Factoring Trinomials w/ Decimals: w^2+.14w-.048

[csamp]

I am having a lot of trouble factoring decimals, and this one is specifically is stumping me.

The equation is w^2+.14w-.048

I tried to figure it out with the numbers 140 and -48. But I'm just not getting it. Is there a formula for factoring?

 

[ksdhart2]

Well, there's nothing inherently special about factoring a quadratic where some (or all) of its coefficients are decimals. You say you were able to solve a similar problem with 140 and -48. What process did you follow to solve that problem? What happens if you follow that same process but use 0.14 and -0.048? Please share with us all of your work, even if you know it's wrong, so we can see exactly where you're getting bogged down. Thank you.

 

[csamp]

.

I couldn't figure it out using 140 and 48

My normal method, which I see now is just not sufficient is to break down the product of the trinominal into it's factors and identify which combination can be combined to get the other number. So with this one I found the factors of -48, 1(-48), 2(-24),3(-16),4(-12),6(-8) but how could any of these numbers be added to equal 140? There must be something I'm missing.

 

[Deleted member 4993]

I am having a lot of trouble factoring decimals, and this one is specifically is stumping me.

The equation is w^2+.14w-.048

I tried to figure it out with the numbers 140 and -48. But I'm just not getting it.
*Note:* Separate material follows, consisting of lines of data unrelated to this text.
(* Let $n\ge 2$ and let $A_1,\dots,A_{2n}$ be the vertices $\pm\mathbf e_1,\dots,\pm\mathbf e_n$ of the cross-polytope in $\mathbb R^n$ (where $\mathbf e_1,\dots,\mathbf e_n$ is the standard basis). Let $\Gamma$ be the sphere of radius $r>0$ centred at the origin $O$, let $E=\{\pm r\mathbf e_i: 1\le i\le n\}$ (the points where the rays $OA_j$ meet $\Gamma$) and $D=\{\tfrac{r}{\sqrt n}(\varepsilon_1,\dots,\varepsilon_n):\varepsilon_j\in\{1,-1\}\}$ (the points where the perpendiculars from $O$ to the facets of the cross-polytope meet $\Gamma$). Fix $h\ge0$ and put $C_n(M,\lambda)=\sum_{i=1}^{2n}(|MA_i|^2+h)^{\lambda/2}$ for $M\in\Gamma$. Then: (1) If $\lambda<0$: the minimum of $C_n(\cdot,\lambda)$ on $\Gamma$ is attained precisely at the points of $D$, and, unless $h=0$ and $r=1$ (in which case $C_n(\cdot,\lambda)$ is unbounded), the maximum is attained precisely at the points of $E$. (2) If $\lambda\in\{0,2,4,6\}$, $C_n(M,\lambda)$ is independent of $M\in\Gamma$; these are the only real $\lambda$ with this property. If $\lambda\in(0,2)\cup(4,6)$, the maximum is attained precisely at the points of $D$ and the minimum precisely at the points of $E$. If $\lambda\in(2,4)$, the minimum is attained precisely at the points of $D$ and the maximum precisely at the points of $E$. (3) If $\lambda>6$: the maximum is attained precisely at the points of $E$ and the minimum precisely at the points of $D$.
   Context: $|MA|$ denotes Euclidean distance. *)

(* classical reals. Points of R^n are functions nat -> R,
   of which only the coordinates 0..n-1 matter. *)
From Stdlib Require Import Reals.
Open Scope R_scope.

Fixpoint rsum (n : nat) (f : nat -> R) : R :=
  match n with
  | O => 0
  | S k => rsum k f + f k
  end.

Definition pt := nat -> R.

Definition pt_eq (n : nat) (M N : pt) : Prop :=
  forall i, (i < n)%nat -> M i = N i.

Definition dist2 (n : nat) (M A : pt) : R :=
  rsum n (fun i => (M i - A i) ^ 2).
Is there a formula for factoring?

Suppose you re-write the given expression as:

w^2+.14w-.048 = 1/1000 * (1000*w^2 + 140 *w - 48) = 1/250 * (250 * w^2 + 35 * w - 12)

... can you proceed now?

Do you know the existence of quadratic equation?

 

[stapel]

I am having a lot of trouble factoring decimals, and this one is specifically is stumping me.

The equation is w^2+.14w-.048

I tried to figure it out with the numbers 140 and -48. But I'm just not getting it.

Unfortunately, since you haven't shown your work, we can't know what this means, nor where it led. So we'll have to start over.

To clear the decimals, one would need to multiply through by 1000. Of course, this isn't an equation, so there is no "equals" that we can multiply "through". Instead, we'll need to multiply and divide by 1,000, so we're multiplying by 1. But it's a useful form of 1.

. . . . .\(\displaystyle w^2\, +\, 0.14w\, -\, 0.048\, =\, \dfrac{1000}{1000}\, (w^2\, +\, 0.14w\, -\, 0.048)\, =\, \dfrac{1}{1000}\, (1000w^2\, +\, 140w\, -\, 48)\)

Then divide out a 4 to get:

. . . . .\(\displaystyle \dfrac{1}{250}\, (250x^2\, +\, 35w\, -\, 12)\)

Then factor in the usual way. (here) You'll need factors of -3000 which are 35 units apart.

 

[Steven G]

I am having a lot of trouble factoring decimals, and this one is specifically is stumping me.

The equation is w^2+.14w-.048

I tried to figure it out with the numbers 140 and -48. But I'm just not getting it. Is there a formula for factoring?

I get the feeling that you are saying that w²+.14w-.048 = w²+140w - 48 or possibly (1/1000)(w²+140w - 48).

Without you showing any work it is hard to help.

You should get \(\displaystyle w^2+.14w-.048 =\dfrac{1}{1000}(1000w^2+ 140w - 48) = \dfrac{1}{250}(250w^2+ 35w - 7)\)

Now try to factor (250w²+ 35w - 7). Note that does not mean to forget the 1/250 !!

 

[lookagain]

\(\displaystyle \dfrac{1}{1000}(1000w^2+ 140w - 48) = \)

\(\displaystyle \dfrac{1}{250}(250w^2+ 35w - 7) \ \ \ \ \ \ \) Incorrect.

Now try to factor (250w²+ 35w - 7). \(\displaystyle \ \ \ \ \ \ \)This is still incorrect.

The constant term becomes -12, not -7. Note the two posts above yours with the -12.

 

[HallsofIvy]

Not the simplest thing to do but it always works when you can't see any "relation" between the coefficients:
To factor \(\displaystyle ax^2+ bx+ c\), solve the quadratic equation \(\displaystyle ax^2+ bx+ c= 0\) using the quadratic formula:
\(\displaystyle x_1= \frac{-b+ \sqrt{b^2- 4ac}}{2a}\) and \(\displaystyle x_2= \frac{-b- \sqrt{b^2- 4ac}}{2a}\)

Then \(\displaystyle ax^2+ bx+ c= a(x- x_1)(x- x_2)\)

 

[Steven G]

The constant term becomes -12, not -7. Note the two posts above yours with the -12.

Thank you.